__Task requirements__
Once the line containing "byzantine node may" is found in the data below, output that line and every line after it through the last, unchanged and with nothing else.

Information Block Start

(* Consider an execution of the PermitBFT protocol during a phase of synchronous operation. If round $i$ is unified and its creator $u=v_{i\bmod n}$ is honest, then $u$ creates a block or issues a proposal in round $i$.
   Context: PermitBFT protocol. There are $n$ nodes $v_0,\dots,v_{n-1}$; exactly $f<n/3$ are byzantine, the remaining $n-f$ are honest and follow the protocol. A position is a finite set of blocks. A permit is a signed tuple $(r,p)$. A proof for $(r,p)$ is a set of $2f+1$ permits for $(r,p)$ from distinct nodes. A block of round $r$ is signed by the creator $v_{r\bmod n}$ and contains a proof for $(r,p)$. A proposal of round $r$ is a position together with at least $2f+1$ round-$r$ permits from distinct nodes. Honest node: round $:=0$, current $:=\{\text{genesis}\}$; each round with $c=\text{round}\bmod n$: (1) send permit (round, current) to $v_c$; (2) if it is $v_c$: start the creator timeout; once $2f+1$ permits of this round for one position $p$ are held, broadcast a block with this proof at $p$ and stop; if the creator timeout expires first, broadcast a proposal if at least $2f+1$ permits of this round are held, and stop; also stop upon receiving a block, proposal or $2f+1$ timeout messages of a later round; (3) repeat: upon receiving a block or proposal of a round $r'\ge$ round, set round $:=r'$ and current accordingly and go to (4); when the round timeout expires, broadcast timeout(round); if holding $2f+1$ timeout messages for some round $\ge$ round, jump to the largest such round, forward them, go to (4); (4) round $:=$ round$+1$. Synchronous operation: every message between honest nodes is delivered within a known bound $\Delta$, local timers are reliable, local computation takes no time, and $2\Delta<\text{creator timeout}<3\Delta$, $5\Delta<\text{round timeout}$. Let $r_{\max}(t)$ be the maximum round-variable value over honest nodes at time $t$; round $i$ starts at $T_i=\min\{t: r_{\max}(t)\ge i\}$; round $i$ is unified if all honest nodes start executing round $i$ within $[T_i,T_i+\Delta]$. *)

(* An operational model of PermitBFT executions.
   - Nodes are the naturals 0 .. n-1; node v_c is c; the creator of
     round r is (r %% n).
   - Byzantine nodes are given by a boolean predicate [byz] (restricted to
     0 .. n-1); exactly f of them.
   - An execution is an infinite sequence of events [ev k] with
     non-decreasing real time stamps [tm k].  Honest nodes are deterministic
     state machines ([hstep]) reacting to their inputs (start, message
     delivery, timer expiry); local computation takes no time.
   - Signatures are modelled by the Dolev-Yao style restriction that a
     byzantine node may only use an honestly-signed item (permit, timeout,
     block of an honest creator) if it was previously sent to some byzantine
     node (inside some message).
   - Synchronous operation from time t0 on: messages between honest nodes
     sent at a time >= t0 are delivered within delta, and timers set at a
     time >= t0 expire exactly after their duration. *)
From Stdlib Require Import Reals.
From mathcomp Require Import all_boot.

Inductive msg (Pos : Type) : Type :=
| MPermit (s r : nat) (p : Pos)               (* permit (r,p) signed by s *)
| MBlock (r : nat) (p : Pos) (pf : seq nat)   (* block of round r at p,
                                 signed by r %% n, proof = permits (r,p)
                                 from the nodes in pf *)
| MProposal (r : nat) (p : Pos) (ps : seq (nat * Pos))
                             (* proposal: position p together with the
                                round-r permits (r, q) signed by s for
                                (s, q) in ps *)
| MTimeout (s r : nat).                        (* timeout(r) signed by s *)
Arguments MPermit {Pos}.
Arguments MBlock {Pos}.
Arguments MProposal {Pos}.
Arguments MTimeout {Pos}.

Information Block End

__Solution for this problem__
     byzantine node may only use an honestly-signed item (permit, timeout,
     block of an honest creator) if it was previously sent to some byzantine
     node (inside some message).
   - Synchronous operation from time t0 on: messages between honest nodes
     sent at a time >= t0 are delivered within delta, and timers set at a
     time >= t0 expire exactly after their duration. *)
From Stdlib Require Import Reals.
From mathcomp Require Import all_boot.

Inductive msg (Pos : Type) : Type :=
| MPermit (s r : nat) (p : Pos)               (* permit (r,p) signed by s *)
| MBlock (r : nat) (p : Pos) (pf : seq nat)   (* block of round r at p,
                                 signed by r %% n, proof = permits (r,p)
                                 from the nodes in pf *)
| MProposal (r : nat) (p : Pos) (ps : seq (nat * Pos))
                             (* proposal: position p together with the
                                round-r permits (r, q) signed by s for
                                (s, q) in ps *)
| MTimeout (s r : nat).                        (* timeout(r) signed by s *)
Arguments MPermit {Pos}.
Arguments MBlock {Pos}.
Arguments MProposal {Pos}.
Arguments MTimeout {Pos}.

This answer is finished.